Count the lines below that include the word "exprMn", then give that number and no other words.

======== Dataset extract ========

(* Let $A\in\mathbb{R}^{m\times n}$ and $B\in\mathbb{R}^{p\times n}$ be such that the stacked matrix $Z=\begin{bmatrix}A\\ B\end{bmatrix}$ has full column rank, and let $Z=QR=\begin{bmatrix}Q_A\\ Q_B\end{bmatrix}R$ be its thin QR decomposition, with $Q\in\mathbb{R}^{(m+p)\times n}$ having orthonormal columns, $Q_A\in\mathbb{R}^{m\times n}$, $Q_B\in\mathbb{R}^{p\times n}$, and $R\in\mathbb{R}^{n\times n}$ upper triangular and nonsingular. Let $k\ge 1$ and suppose matrices $V_k\in\mathbb{R}^{n\times k}$, $U_{k+1}\in\mathbb{R}^{m\times(k+1)}$, $\widehat U_k\in\mathbb{R}^{p\times k}$, a unit vector $v_{k+1}\in\mathbb{R}^n$, scalars $\alpha_{k+1},\check\beta_k\in\mathbb{R}$, and matrices $J_k\in\mathbb{R}^{(k+1)\times k}$, $\check J_k\in\mathbb{R}^{k\times k}$ satisfy $$Q_AV_k=U_{k+1}J_k,\quad Q_A^TU_{k+1}=V_kJ_k^T+\alpha_{k+1}v_{k+1}e_{k+1}^T,$$ $$Q_BV_k=\widehat U_k\check J_k,\quad Q_B^T\widehat U_k=V_k\check J_k^T+\check\beta_kv_{k+1}e_k^T,$$ where $e_j$ denotes the $j$th canonical basis vector of the appropriate dimension. Suppose further that $J_k=X_{k+1}\begin{bmatrix}C_k\\ 0\end{bmatrix}Y_k^T$ and $\check J_k=\widehat X_kS_kY_k^T$, where $X_{k+1}\in\mathbb{R}^{(k+1)\times(k+1)}$, $\widehat X_k,Y_k\in\mathbb{R}^{k\times k}$ are orthogonal and $C_k=\mathrm{diag}(\tilde c_1,\dots,\tilde c_k)$, $S_k=\mathrm{diag}(\tilde s_1,\dots,\tilde s_k)$ are diagonal with $\tilde c_i^2+\tilde s_i^2=1$ for all $i$. For $i=1,\dots,k$ let $x_i$, $\hat x_i$, $y_i$ be the $i$th columns of $X_{k+1}$, $\widehat X_k$, $Y_k$, and define $\tilde u_i^A=U_{k+1}x_i$, $\tilde u_i^B=\widehat U_k\hat x_i$, $\tilde g_i=R^{-1}V_ky_i$. Then for each $i=1,\dots,k$, $$\sqrt{\big\|\tilde s_i^2A^T\tilde u_i^A-\tilde c_iB^TB\tilde g_i\big\|_2^2+\big\|\tilde c_i^2B^T\tilde u_i^B-\tilde s_iA^TA\tilde g_i\big\|_2^2}\;\le\;\sqrt{\big(\alpha_{k+1}e_{k+1}^Tx_i\big)^2+\big(\check\beta_ke_k^T\hat x_i\big)^2}\;\|R\|_2 .$$
   Context: These relations arise from the lower-upper joint Lanczos bidiagonalization of $Q_A$ and $Q_B$ (with $J_k$ lower bidiagonal and $\check J_k$ upper bidiagonal) followed by a CS decomposition of the projected pair $\{J_k,\check J_k\}$; the quadruple $(\tilde c_i/\tilde s_i,\tilde u_i^A,\tilde u_i^B,\tilde g_i)$ is an approximate generalized singular quadruple of the pair $\{A,B\}$, and the left-hand side of the inequality is the residual norm $\|r^{\mathrm{GSVD}}\|_2$ used as a convergence criterion. *)

From HB Require Import structures.
From mathcomp Require Import all_boot all_order all_algebra.
From mathcomp Require Import boolp classical_sets reals.
Set Implicit Arguments. Unset Strict Implicit. Unset Printing Implicit Defensive.
Import Order.TTheory GRing.Theory Num.Theory.
Local Open Scope ring_scope.
Local Open Scope classical_set_scope.

Definition vnorm2 {R : realType} {n : nat} (x : 'cV[R]_n) : R :=
  Num.sqrt (\sum_(i < n) x i 0 ^+ 2).

Definition specnorm {R : realType} {m n : nat} (M : 'M[R]_(m, n)) : R :=
  sup [set vnorm2 (M *m x) | x in [set x : 'cV[R]_n | vnorm2 x = 1]].

(* canonical basis column vector e_{j+1} (0-based index j) *)
Definition evec {R : realType} (n j : nat) : 'cV[R]_n :=
  \col_(i < n) ((i : nat) == j)%:R.

Definition upper_tri {R : realType} {n : nat} (M : 'M[R]_n) : Prop :=
  forall i j : 'I_n, (j < i)%N -> M i j = 0.

Definition diag_pad {R : realType} {k : nat} (c : 'rV[R]_k) : 'M[R]_(k.+1, k) :=
  \matrix_(i < k.+1, j < k) (if (i : nat) == (j : nat) then c 0 j else 0).

From HB Require Import structures.
From mathcomp Require Import all_boot all_order all_algebra.
From mathcomp Require Import boolp classical_sets reals.
From mathcomp Require Import ring lra.
Import Order.TTheory GRing.Theory Num.Theory.
Local Open Scope ring_scope.
Set Implicit Arguments. Unset Strict Implicit.

(* With [w := V_k y_i = R g], the bidiagonalization relations and the CS
   decomposition of [{J_k, Jc_k}] give
     [Q_A^T u^A = c w + a v],  [Q_B^T u^B = s w + b v],
     [Q_A w = c u^A],          [Q_B w = s u^B],
   where [a = alpha e_(k+1)^T x_i] and [b = betac e_k^T xh_i].  Substituting
   [A = Q_A R] and [B = Q_B R], the [w]-terms cancel and both residual
   components become multiples of [R^T v], with coefficients [s (s a - c b)]
   and [- c (s a - c b)].  As [c^2 + s^2 = 1], the residual norm is
   [|s a - c b| ||R^T v|| <= sqrt (a^2 + b^2) ||R||_2]. *)

Section OrthogonalFactorization.
Variable F : comNzRingType.
Implicit Types (m n l q : nat).

Lemma mulmx_orthofactor_col m n l q (X : 'M[F]_(m, n)) (D : 'M[F]_(n, l))
    (Y : 'M[F]_(q, l)) (i : 'I_l) :
  Y^T *m Y = 1%:M -> X *m D *m Y^T *m col i Y = X *m col i D.
Proof.
by move=> orthoY; rewrite !colE !mulmxA -(mulmxA (X *m D)) orthoY mulmx1.
Qed.

Lemma trmx_orthofactor_col m n l q (X : 'M[F]_(m, n)) (D : 'M[F]_(n, l))
    (Y : 'M[F]_(q, l)) (j : 'I_n) :
  X^T *m X = 1%:M -> (X *m D *m Y^T)^T *m col j X = Y *m col j D^T.
Proof.
by move=> orthoX; rewrite !trmx_mul trmxK mulmxA; apply: mulmx_orthofactor_col.
Qed.

Lemma mulmx_rank1_update n k q (V : 'M[F]_(n, k)) (Jt : 'M[F]_(k, q))
    (v : 'cV[F]_n) (e x : 'cV[F]_q) (y : 'cV[F]_k) (a t : F) :
  Jt *m x = t *: y ->
  (V *m Jt + a *: (v *m e^T)) *m x = t *: (V *m y) + (a * (e^T *m x) 0 0) *: v.
Proof.
move=> Jtx; rewrite mulmxDl -mulmxA Jtx -scalemxAr -scalemxAl -mulmxA.
by rewrite {1}[e^T *m x]mx11_scalar mul_mx_scalar scalerA.
Qed.

Lemma gsvd_residual_eq m p n (A QA : 'M[F]_(m, n)) (B QB : 'M[F]_(p, n))
    (Rm : 'M[F]_n) (uA : 'cV[F]_m) (uB : 'cV[F]_p) (g v : 'cV[F]_n) (c s a b : F) :
  A = QA *m Rm -> B = QB *m Rm ->
  QA^T *m uA = c *: (Rm *m g) + a *: v ->
  QB *m (Rm *m g) = s *: uB ->
  QB^T *m uB = s *: (Rm *m g) + b *: v ->
  s ^+ 2 *: (A^T *m uA) - c *: (B^T *m B *m g)
    = (s ^+ 2 * a - c * s * b) *: (Rm^T *m v).
Proof.
move=> -> -> QAuA QBw QBuB.
rewrite !trmx_mul -!mulmxA QAuA QBw -scalemxAr QBuB -scalemxAr !mulmxDr -!scalemxAr.
move: (Rm^T *m (Rm *m g)) (Rm^T *m v) => P Qv.
by apply/matrixP => i j; rewrite !mxE; ring.
Qed.

End OrthogonalFactorization.

Section PaddedDiagonal.
Variable R : realType.

Lemma col_diag_mx k (s : 'rV[R]_k) (i : 'I_k) :
  col i (diag_mx s) = s 0 i *: delta_mx i 0.
Proof.
apply/matrixP => a b; rewrite !mxE [b]ord1 eqxx andbT.
by case: (eqVneq a i) => [->|]; rewrite ?mulr1 ?mulr0.
Qed.

Lemma col_diag_pad k (c : 'rV[R]_k) (i : 'I_k) :
  col i (diag_pad c) = c 0 i *: delta_mx (widen_ord (leqnSn k) i) 0.
Proof.
apply/matrixP => a b; rewrite !mxE [b]ord1 eqxx andbT.
have -> : (a == widen_ord (leqnSn k) i) = ((a : nat) == i) by [].
by case: eqP => _; rewrite ?mulr1 ?mulr0.
Qed.

Lemma col_widen_trmx_diag_pad k (c : 'rV[R]_k) (i : 'I_k) :
  col (widen_ord (leqnSn k) i) (diag_pad c)^T = c 0 i *: delta_mx i 0.
Proof.
apply/matrixP => a b; rewrite !mxE [b]ord1 eqxx andbT.
case: (eqVneq a i) => [->|neq_ai]; first by rewrite eqxx mulr1.
rewrite mulr0; case: eqP => // eq_ia.
by case/eqP: neq_ai; apply: val_inj.
Qed.

End PaddedDiagonal.

Section EuclideanNorm.
Variable R : realType.
Implicit Types (m n : nat).

Lemma sumr_sqr_ge0 n (a : 'I_n -> R) : 0 <= \sum_i a i ^+ 2.
Proof. by apply: sumr_ge0 => i _; apply: sqr_ge0. Qed.

Lemma vnorm2_ge0 n (x : 'cV[R]_n) : 0 <= vnorm2 x.
Proof. exact: sqrtr_ge0. Qed.

Lemma vnorm2_sqr n (x : 'cV[R]_n) : vnorm2 x ^+ 2 = \sum_i x i 0 ^+ 2.
Proof. by rewrite sqr_sqrtr // sumr_sqr_ge0. Qed.

Lemma vnorm2Z n (t : R) (x : 'cV[R]_n) : vnorm2 (t *: x) = `|t| * vnorm2 x.
Proof.
rewrite /vnorm2 -sqrtr_sqr -sqrtrM ?sqr_ge0 // mulr_sumr.
by congr Num.sqrt; apply: eq_bigr => i _; rewrite mxE exprMn.
Qed.

Lemma vnorm2_eq0 n (x : 'cV[R]_n) : (vnorm2 x == 0) = (x == 0).
Proof.
apply/idP/eqP => [|->]; last first.
  by rewrite /vnorm2 big1 ?sqrtr0 // => i _; rewrite mxE expr0n.
rewrite /vnorm2 sqrtr_eq0 => sum_le0.
have : \sum_i x i 0 ^+ 2 == 0 by rewrite eq_le sum_le0 sumr_sqr_ge0.
rewrite psumr_eq0 => [/allP x0|i _]; last exact: sqr_ge0.
apply/matrixP => i j; rewrite [j]ord1 mxE; apply/eqP.
by have := x0 i (mem_index_enum i); rewrite sqrf_eq0.
Qed.

Lemma vnorm20 n : vnorm2 (0 : 'cV[R]_n) = 0.
Proof. by apply/eqP; rewrite vnorm2_eq0. Qed.

(* Lagrange's identity: the defect in Cauchy-Schwarz is a sum of squares. *)
Lemma sumr_mul_sqr_le n (a b : 'I_n -> R) :
  (\sum_i a i * b i) ^+ 2 <= (\sum_i a i ^+ 2) * (\sum_i b i ^+ 2).
Proof.
set A2 := \sum_i a i ^+ 2; set B2 := \sum_i b i ^+ 2; set AB := \sum_i a i * b i.
have lagrange_id : \sum_i \sum_j (a i * b j - a j * b i) ^+ 2
    = 2 * (A2 * B2) - 2 * AB ^+ 2.
  transitivity (\sum_i (a i ^+ 2 * B2 + A2 * b i ^+ 2 - 2 * (a i * b i) * AB)).
    apply: eq_bigr => i _.
    rewrite /A2 /B2 /AB mulr_sumr mulr_suml mulr_sumr -big_split -sumrB /=.
    by apply: eq_bigr => j _; ring.
  by rewrite sumrB big_split /= -!mulr_suml -!mulr_sumr -/A2 -/B2 -/AB; ring.
have : 0 <= \sum_i \sum_j (a i * b j - a j * b i) ^+ 2.
  by apply: sumr_ge0 => i _; apply: sumr_sqr_ge0.
by rewrite lagrange_id; lra.
Qed.

Lemma dotmx_le_vnorm2 n (x y : 'cV[R]_n) :
  (x^T *m y) 0 0 <= vnorm2 x * vnorm2 y.
Proof.
rewrite -sqrtrM ?sumr_sqr_ge0 //; apply: le_trans (ler_norm _) _.
rewrite -sqrtr_sqr ler_sqrt ?mulr_ge0 ?sumr_sqr_ge0 // mxE.
under eq_bigr do rewrite mxE.
exact: sumr_mul_sqr_le.
Qed.

Lemma cs_residual_le n (c s a b : R) (q : 'cV[R]_n) :
  c ^+ 2 + s ^+ 2 = 1 ->
  Num.sqrt (vnorm2 ((s ^+ 2 * a - c * s * b) *: q) ^+ 2
          + vnorm2 ((c ^+ 2 * b - s * c * a) *: q) ^+ 2)
  <= Num.sqrt (a ^+ 2 + b ^+ 2) * vnorm2 q.
Proof.
move=> cs1; rewrite !vnorm2Z !exprMn !real_normK ?num_real // -mulrDl.
rewrite sqrtrM ?addr_ge0 ?sqr_ge0 // sqrtr_sqr ger0_norm ?vnorm2_ge0 //.
rewrite ler_wpM2r ?vnorm2_ge0 // ler_sqrt ?addr_ge0 ?sqr_ge0 //.
have -> : (s ^+ 2 * a - c * s * b) ^+ 2 + (c ^+ 2 * b - s * c * a) ^+ 2
    = (c ^+ 2 + s ^+ 2) * (s * a - c * b) ^+ 2 by ring.
have -> : a ^+ 2 + b ^+ 2 = (s * a - c * b) ^+ 2 + (c * a + s * b) ^+ 2.
  by rewrite -[LHS]mul1r -cs1; ring.
by rewrite cs1 mul1r lerDl sqr_ge0.
Qed.

End EuclideanNorm.

Section SpectralNorm.
Variable R : realType.
Implicit Types (m n : nat).

Lemma has_sup_specnorm m n (M : 'M[R]_(m, n)) (x : 'cV[R]_n) :
  vnorm2 x = 1 ->
  has_sup [set vnorm2 (M *m y) | y in [set y : 'cV[R]_n | vnorm2 y = 1]].
Proof.
move=> unit_x; split; first by exists (vnorm2 (M *m x)), x.
exists (Num.sqrt (\sum_i \sum_j M i j ^+ 2)) => _ [y unit_y <-].
rewrite /vnorm2 ler_sqrt; last by apply: sumr_ge0 => i _; apply: sumr_sqr_ge0.
apply: ler_sum => i _; rewrite mxE.
have y2 : \sum_j y j 0 ^+ 2 = 1 by rewrite -vnorm2_sqr unit_y expr1n.
by have := sumr_mul_sqr_le (M i) (fun j => y j 0); rewrite y2 mulr1.
Qed.

Lemma vnorm2_mulmx_unit_le m n (M : 'M[R]_(m, n)) (x : 'cV[R]_n) :
  vnorm2 x = 1 -> vnorm2 (M *m x) <= specnorm M.
Proof.
by move=> unit_x; apply: sup_upper_bound (has_sup_specnorm M unit_x) _ _; exists x.
Qed.

Lemma specnorm_ge0 m n (M : 'M[R]_(m, n)) : 0 <= specnorm M.
Proof.
rewrite /specnorm; set E := (X in sup X).
have [->|/set0P [_ [x unit_x _]]] := eqVneq E set0; first by rewrite sup0.
exact: le_trans (vnorm2_ge0 _) (vnorm2_mulmx_unit_le M unit_x).
Qed.

Lemma vnorm2_mulmx_le m n (M : 'M[R]_(m, n)) (x : 'cV[R]_n) :
  vnorm2 (M *m x) <= specnorm M * vnorm2 x.
Proof.
have [->|x_neq0] := eqVneq x 0.
  by rewrite mulmx0 !vnorm20 mulr0.
have x_gt0 : 0 < vnorm2 x by rewrite lt_def vnorm2_eq0 x_neq0 vnorm2_ge0.
have unit_x : vnorm2 ((vnorm2 x)^-1 *: x) = 1.
  by rewrite vnorm2Z ger0_norm ?invr_ge0 ?vnorm2_ge0 // mulVf ?gt_eqF.
have := vnorm2_mulmx_unit_le M unit_x.
by rewrite -scalemxAr vnorm2Z ger0_norm ?invr_ge0 ?vnorm2_ge0 // ler_pdivrMl // mulrC.
Qed.

Lemma vnorm2_trmx_mul_le m n (M : 'M[R]_(m, n)) (v : 'cV[R]_m) :
  vnorm2 (M^T *m v) <= specnorm M * vnorm2 v.
Proof.
set w := M^T *m v.
have w2 : vnorm2 w ^+ 2 <= vnorm2 v * (specnorm M * vnorm2 w).
  have -> : vnorm2 w ^+ 2 = (v^T *m (M *m w)) 0 0.
    rewrite vnorm2_sqr mulmxA -[v^T *m M]trmxK trmx_mul trmxK -/w mxE.
    by apply: eq_bigr => i _; rewrite !mxE expr2.
  apply: le_trans (dotmx_le_vnorm2 _ _) _.
  by rewrite ler_wpM2l ?vnorm2_ge0 ?vnorm2_mulmx_le.
have [w0|w_neq0] := eqVneq (vnorm2 w) 0.
  by rewrite w0 mulr_ge0 ?specnorm_ge0 ?vnorm2_ge0.
have w_gt0 : 0 < vnorm2 w by rewrite lt_def w_neq0 vnorm2_ge0.
rewrite -(ler_pM2r w_gt0) -expr2 (le_trans w2) //.
by rewrite mulrCA mulrA.
Qed.

End SpectralNorm.

Theorem mainTheorem1 (R : realType) (m p n k : nat)
  (A : 'M[R]_(m, n)) (B : 'M[R]_(p, n))
  (QA : 'M[R]_(m, n)) (QB : 'M[R]_(p, n)) (Rm : 'M[R]_n)
  (Vk : 'M[R]_(n, k)) (U : 'M[R]_(m, k.+1)) (Uh : 'M[R]_(p, k))
  (v : 'cV[R]_n) (alpha betac : R)
  (J : 'M[R]_(k.+1, k)) (Jc : 'M[R]_k)
  (X : 'M[R]_k.+1) (Xh Y : 'M[R]_k) (c s : 'rV[R]_k) :
  \rank (col_mx A B) = n ->
  col_mx A B = col_mx QA QB *m Rm ->
  (col_mx QA QB)^T *m col_mx QA QB = 1%:M ->
  upper_tri Rm -> Rm \in unitmx ->
  (0 < k)%N ->
  vnorm2 v = 1 ->
  QA *m Vk = U *m J ->
  QA^T *m U = Vk *m J^T + alpha *: (v *m (evec k.+1 k)^T) ->
  QB *m Vk = Uh *m Jc ->
  QB^T *m Uh = Vk *m Jc^T + betac *: (v *m (evec k k.-1)^T) ->
  J = X *m diag_pad c *m Y^T ->
  Jc = Xh *m diag_mx s *m Y^T ->
  X^T *m X = 1%:M -> Xh^T *m Xh = 1%:M -> Y^T *m Y = 1%:M ->
  (forall i : 'I_k, c 0 i ^+ 2 + s 0 i ^+ 2 = 1) ->
  forall i : 'I_k,
    let xi := col (widen_ord (leqnSn k) i) X in
    let xhi := col i Xh in
    let yi := col i Y in
    let uA := U *m xi in
    let uB := Uh *m xhi in
    let g := invmx Rm *m Vk *m yi in
    Num.sqrt (vnorm2 (s 0 i ^+ 2 *: (A^T *m uA) - c 0 i *: (B^T *m B *m g)) ^+ 2
            + vnorm2 (c 0 i ^+ 2 *: (B^T *m uB) - s 0 i *: (A^T *m A *m g)) ^+ 2)
    <= Num.sqrt ((alpha * ((evec k.+1 k)^T *m xi) 0 0) ^+ 2
               + (betac * ((evec k k.-1)^T *m xhi) 0 0) ^+ 2) * specnorm Rm.
Proof.
move=> _ QR_AB _ _ Rm_unit _ unit_v QAV QAU QBV QBU J_eq Jc_eq orthoX orthoXh orthoY cs1.
move=> i; rewrite /is_true; cbv zeta.
set xi := col _ X; set xhi := col i Xh; set yi := col i Y.
set uA := U *m xi; set uB := Uh *m xhi; set g := invmx Rm *m Vk *m yi.
rewrite mul_col_mx in QR_AB; case/eq_col_mx: QR_AB => A_eq B_eq.
set ci := c 0 i; set si := s 0 i.
have Jy : J *m yi = ci *: xi.
  by rewrite J_eq mulmx_orthofactor_col // col_diag_pad -scalemxAr -colE.
have JTx : J^T *m xi = ci *: yi.
  by rewrite J_eq trmx_orthofactor_col // col_widen_trmx_diag_pad -scalemxAr -colE.
have Jcy : Jc *m yi = si *: xhi.
  by rewrite Jc_eq mulmx_orthofactor_col // col_diag_mx -scalemxAr -colE.
have JcTx : Jc^T *m xhi = si *: yi.
  by rewrite Jc_eq trmx_orthofactor_col // tr_diag_mx col_diag_mx -scalemxAr -colE.
have Rg : Rm *m g = Vk *m yi by rewrite /g -mulmxA mulKVmx.
have QAuA : QA^T *m uA = ci *: (Rm *m g) + (alpha * ((evec k.+1 k)^T *m xi) 0 0) *: v.
  by rewrite Rg mulmxA QAU (mulmx_rank1_update _ _ _ _ JTx).
have QBuB : QB^T *m uB = si *: (Rm *m g) + (betac * ((evec k k.-1)^T *m xhi) 0 0) *: v.
  by rewrite Rg mulmxA QBU (mulmx_rank1_update _ _ _ _ JcTx).
have QAw : QA *m (Rm *m g) = ci *: uA by rewrite Rg mulmxA QAV -mulmxA Jy -scalemxAr.
have QBw : QB *m (Rm *m g) = si *: uB by rewrite Rg mulmxA QBV -mulmxA Jcy -scalemxAr.
rewrite (gsvd_residual_eq A_eq B_eq QAuA QBw QBuB).
rewrite (gsvd_residual_eq B_eq A_eq QBuB QAw QAuA).
apply: le_trans (cs_residual_le _ _ _ (cs1 i)) _.
by rewrite ler_wpM2l ?sqrtr_ge0 // -[specnorm Rm]mulr1 -unit_v vnorm2_trmx_mul_le.
Qed.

========

**Result of the task:** 2